I drivers downloaded from realtek and installed FIVE times no luck , is sound card dead?


----------



## NightMare x3 (Oct 28, 2011)

*Re: No Sound From Speakers,Realtek Ac 97'*

downloaded drivers****


----------



## JimE (Apr 16, 2009)

*Re: No Sound From Speakers,Realtek Ac 97'*

then with Win7, it's possibly just a driver issue. Win7 and Realtek don't always work well together.

This appears to be your motherboard: Jetway - Tech.On The Move - Motherboard - 865GVBMS

You can try the Realtek drivers here: Realtek


----------



## NightMare x3 (Oct 28, 2011)

*Re: No Sound From Speakers,Realtek Ac 97'*

no man not working


----------



## JimE (Apr 16, 2009)

*Re: No Sound From Speakers,Realtek Ac 97'*

You can try the older driver from the Jetway website.

In any case, as it was working, and then just stopped, I'd suspect a hardware fault. An addon sound card would likely be the best solution.


----------



## NightMare x3 (Oct 28, 2011)

*Re: No Sound From Speakers,Realtek Ac 97'*

yeah i guess sound card is dead consulted a hardware engineer he said windows 7 might have caused this ,also my graphic card was'nt compatible with 7 i just made it work by choosing xp drivers from "have disk" in driver update,can dat also cause faulty sound card?


----------



## Horusrogue (Aug 31, 2009)

*Re: No Sound From Speakers,Realtek Ac 97'*



NightMare x3 said:


> yeah i guess sound card is dead consulted a hardware engineer he said windows 7 might have caused this ,also my graphic card was'nt compatible with 7 i just made it work by choosing xp drivers from "have disk" in driver update,can dat also cause faulty sound card?


What is the Model number and make of the GFX card? Are you just hacking in drivers?


----------



## NightMare x3 (Oct 28, 2011)

*Re: No Sound From Speakers,Realtek Ac 97'*

I have Intel(R) 82865G Graphics Controller

i followed last post by 'raven2k7' on  Windows 7 Forums


----------



## JimE (Apr 16, 2009)

*Re: No Sound From Speakers,Realtek Ac 97'*

As it occurred after the OS upgrade, it's likely not faulty, just a driver issue. Not all hardware is supported under Windows 7. As you have found with the video chipset.
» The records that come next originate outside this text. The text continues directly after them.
Lemma trinomial_even_identity M :
  trinomial_prod (fun j => ~~ odd j) M.*2 * eta_poly 4 M * eta_poly 6 M =
  eta_poly 2 M * eta_poly 12 M.
Proof.
rewrite trinomial_prod_split (eta_poly_double 2) (eta_poly_double 3).
rewrite (eta_poly_double 1) (eta_poly_double 6) -!big_split /=.
by apply: eq_bigr => k _; rewrite /= odd_double /=; ring.
Qed.

Lemma trinomial_odd_identity M :
  trinomial_prod odd M.*2 * eta_poly 1 M.*2 * eta_poly 6 M = eta_poly 2 M * eta_poly 3 M.*2.
Proof.
rewrite trinomial_prod_split !eta_poly_split (eta_poly_double 3) (eta_poly_double 1).
by rewrite -!big_split /=; apply: eq_bigr => k _; rewrite /= odd_double /=; ring.
Qed.

Definition nosingle_count (c : pred nat) n : nat :=
  #|[set m : {ffun 'I_n -> 'I_n.+1} | is_partition m &
      [forall i : 'I_n, c i.+1 ==> (val (m i) != 1%N)]]|.

Definition nosingle_sum (c : pred nat) n i : {poly int} :=
  \sum_(m < n.+1) (if c i.+1 && (m == 1%N :> nat) then 0 else (- 'X) ^+ (i.+1 * m)).

Definition nosingle_gf (c : pred nat) n : {poly int} := \prod_(i < n) nosingle_sum c n i.
Lemma eq_div_grad b1 b2 u1 u2 x :
  b1 =2 b2 -> u1 =1 u2 -> div_grad b1 u1 x = div_grad b2 u2 x.
Proof.
move=> eqb equ; rewrite /div_grad /div /mulbW /grad; apply: eq_bigr => i _.
by rewrite !equ; congr (_ * _ + _ * _); apply: eq_bigr => k _; rewrite !eqb.
Qed.

Lemma div_gradDr b u1 u2 x :
  div_grad b (fun z => u1 z + u2 z) x = div_grad b u1 x + div_grad b u2 x.
Proof.
by rewrite /div_grad /div /mulbW /grad -big_split; apply: eq_bigr => i _ /=; ring.
Qed.

Lemma div_gradZr b u c x :
  div_grad b (fun z => c * u z) x = c * div_grad b u x.
Proof.
by rewrite /div_grad /div /mulbW /grad mulr_sumr; apply: eq_bigr => i _ /=; ring.
Qed.

Lemma div_gradBr b u1 u2 x :
  div_grad b (fun z => u1 z - u2 z) x = div_grad b u1 x - div_grad b u2 x.
Proof.
rewrite div_gradDr -mulN1r -div_gradZr; congr (_ + _).
by apply: eq_div_grad => // z; rewrite mulN1r.
Qed.

Lemma div_grad_sumr (I : Type) (r : seq I) (P : pred I) b (u : I -> zpt d -> R) x :
  div_grad b (fun z => \sum_(k <- r | P k) u k z) x
  = \sum_(k <- r | P k) div_grad b (u k) x.
Proof.
rewrite /div_grad /div /mulbW /grad exchange_big; apply: eq_bigr => i _.
by rewrite -!sumrB !mulr_sumr -big_split.
Qed.

Lemma div_gradDl b1 b2 u x :
  div_grad (fun y i => b1 y i + b2 y i) u x = div_grad b1 u x + div_grad b2 u x.
Proof.
rewrite /div_grad /div /mulbW /grad -big_split; apply: eq_bigr => i _ /=.
rewrite addrACA -!mulrDl; congr (_ * _ + _ * _); rewrite -big_split;
  by apply: eq_bigr => k _ /=; rewrite !mulrDr addrACA.
Qed.

Lemma div_grad_suml (I : Type) (r : seq I) (P : pred I) (b : I -> conf R d) u x :
  div_grad (fun y i => \sum_(k <- r | P k) b k y i) u x
  = \sum_(k <- r | P k) div_grad (b k) u x.
Proof.
elim: r => [|k r IHr].
  rewrite big_nil /div_grad /div /mulbW big1 // => i _.
  by rewrite !big1 ?mul0r ?addr0 // => k _; rewrite !big_nil !mulr0 addr0.
rewrite big_cons -IHr; case Pk: (P k).
  by rewrite -div_gradDl; apply: eq_div_grad => // y i; rewrite big_cons Pk.
by apply: eq_div_grad => // y i; rewrite big_cons Pk.
Qed.

End DivGrad.

Section Configurations.
Variables (R : nzRingType) (m d : nat).
Implicit Types (a : conf R d) (G : {set bedge m d}).

Lemma bpos_inj : injective (@bpos m d).
Proof.
by move=> k k' /ffunP eqk; apply/ffunP => i; have := eqk i;
  rewrite !ffunE => /addIr [] /val_inj.
Qed.

Lemma cfg_set1E (e : bedge m d) a y i :
  cfg_set [set e] a y i = if (bpos e.1 == y) && (e.2 == i) then 1 else a y i.
Proof.
rewrite /cfg_set; congr (if _ then _ else _).
apply/existsP/idP => [[e' /andP[]]|he]; first by rewrite inE => /eqP ->.
by exists e; rewrite inE eqxx.
Qed.

Lemma cfg_setE G a y i : cfg_set G a y i = a y i + \sum_(e in G) dconf e a y i.
Proof.
rewrite /dconf; under eq_bigr do rewrite cfg_set1E; rewrite /cfg_set.
case: existsP => [[e0 /andP[e0G /andP[/eqP <- /eqP <-]]]|noG]; last first.
  rewrite big1 ?addr0 // => e eG; case: ifP => [he|_]; last by rewrite subrr.
  by case: noG; exists e; rewrite eG.
rewrite (bigD1 e0) //= !eqxx big1 ?addr0 => [|e /andP[_ ne]]; first by rewrite addrC subrK.
case: ifP => [/andP[/eqP/bpos_inj h1 /eqP h2]|_]; last by rewrite subrr.
by case/eqP: ne; case: e e0 h1 h2 {e0G} => ? ? [? ?] /= -> ->.
Qed.

Lemma cfg_set0 a : cfg_set (set0 : {set bedge m d}) a = a.
Proof.
apply: functional_extensionality => y; apply: functional_extensionality => i.
by rewrite cfg_setE big_set0 addr0.
Qed.

Lemma cfg_setU1 (e : bedge m d) G a :
  cfg_set (e |: G) a = cfg_set [set e] (cfg_set G a).
Proof.
apply: functional_extensionality => y; apply: functional_extensionality => i.
rewrite cfg_set1E /cfg_set; case he: (_ && _).
  by case: existsP => // nE; exfalso; apply: nE; exists e; rewrite setU11 he.
congr (if _ then _ else _); apply/existsP/existsP => -[e' /andP[]].
  rewrite !inE => /orP[/eqP -> he'|e'G he']; first by rewrite he' in he.
  by exists e'; rewrite e'G.
by move=> e'G he'; exists e'; rewrite !inE e'G orbT.
Qed.

Lemma cfg_set_closed (Omega : conf R d -> Prop) a G :
  (forall b (e : bedge m d), Omega b -> Omega (cfg_set [set e] b)) ->
  Omega a -> Omega (cfg_set G a).
Proof.
move=> Omega1 Oa; rewrite -[G]set_enum; elim: (enum G) => [|e s IHs].
  by rewrite set_nil cfg_set0.
by rewrite set_cons cfg_setU1; apply: Omega1.
Qed.

End Configurations.

Lemma div_grad_cfg_setl (R : comNzRingType) m d (G : {set bedge m d}) (a : conf R d) u x :
  div_grad (cfg_set G a) u x = div_grad a u x + \sum_(e in G) div_grad (dconf e a) u x.
Proof.
by rewrite -div_grad_suml -div_gradDl; apply: eq_div_grad => // y i; rewrite cfg_setE.
Qed.

Section SubsetSums.
Variable T : finType.
Implicit Types (S H : {set T}) (e : T).

Lemma sum_subset_card_mem (V : nmodType) S e n (f : {set T} -> V) :
  \sum_(G : {set T} | (G \subset S) && (#|G| == n)) f G =
  \sum_(G : {set T} | (G \subset S) && (#|G| == n) && (e \in G)) f G +
  \sum_(G : {set T} | (G \subset S :\ e) && (#|G| == n)) f G.
Proof.
rewrite (bigID [pred G : {set T} | e \in G]) /=; congr (_ + _); apply: eq_bigl => G.
by rewrite subsetD1; case: (G \subset S); case: (#|G| == n); case: (e \in G).
Qed.

Lemma sum_subset_card0_mem (V : nmodType) S e (f : {set T} -> V) :
  \sum_(G : {set T} | (G \subset S) && (#|G| == 0%N) && (e \in G)) f G = 0.
Proof. by rewrite big1 // => G /andP[/andP[_ /eqP/cards0_eq ->]]; rewrite inE. Qed.

Lemma sum_subset_cardS_mem (V : nmodType) S e n (f : {set T} -> V) : e \in S ->
  \sum_(G : {set T} | (G \subset S) && (#|G| == n.+1) && (e \in G)) f G =
  \sum_(G : {set T} | (G \subset S :\ e) && (#|G| == n)) f (e |: G).
Proof.
move=> eS; rewrite (reindex_onto (fun G => e |: G) (fun G => G :\ e)); last first.
  by move=> G /andP[_ eG]; rewrite setD1K.
apply: eq_bigl => G; rewrite subsetD1 setU11 andbT subUset sub1set eS /= cardsU1.
case eG: (e \in G) => /=; last by rewrite setU1K ?eG // eqxx add1n eqSS !andbT.
rewrite andbF /=; apply/negbTE; rewrite negb_and; apply/orP; right; apply/eqP => H.
by move: eG; rewrite -H !inE eqxx.
Qed.

(* Inclusion-exclusion step: the subsets of H containing e are the subsets of
   H minus those of H \ e, and dropping e from H flips the sign. *)
Lemma sum_subset_sign_mem (R : nzRingType) H e (f : {set T} -> R) : e \in H ->
  \sum_(G : {set T} | (G \subset H) && (e \in G)) (-1) ^+ #|H :\: G| * f G =
  \sum_(G : {set T} | G \subset H) (-1) ^+ #|H :\: G| * f G +
  \sum_(G : {set T} | G \subset H :\ e) (-1) ^+ #|(H :\ e) :\: G| * f G.
Proof.
move=> eH; rewrite [in RHS](bigID [pred G : {set T} | e \in G]) /= -addrA.
rewrite [X in _ + X](_ : _ = 0) ?addr0 //.
rewrite [X in _ + X](eq_bigl (fun G : {set T} => (G \subset H) && (e \notin G))); last first.
  by move=> G; rewrite subsetD1.
rewrite -big_split big1 //= => G /andP[GH eG].
have -> : (H :\ e) :\: G = (H :\: G) :\ e by apply/setP => y; rewrite !inE; bool_congr.
by rewrite (cardsD1 e (H :\: G)) !inE eH (negbTE eG) add1n exprS mulN1r mulNr addNr.
Qed.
While it's working, there are not any official Win7 drivers. The same issue is very likely occurring with the audio chipset. It will simply be a matter of trial and error to find a driver version that works. And you may not find a working version.

So the same still applies, a new sound card would likely be the best solution.


----------



## NightMare x3 (Oct 28, 2011)

*Re: No Sound From Speakers,Realtek Ac 97'*

ok thanks everyone for help 

will get a sound card installed...


----------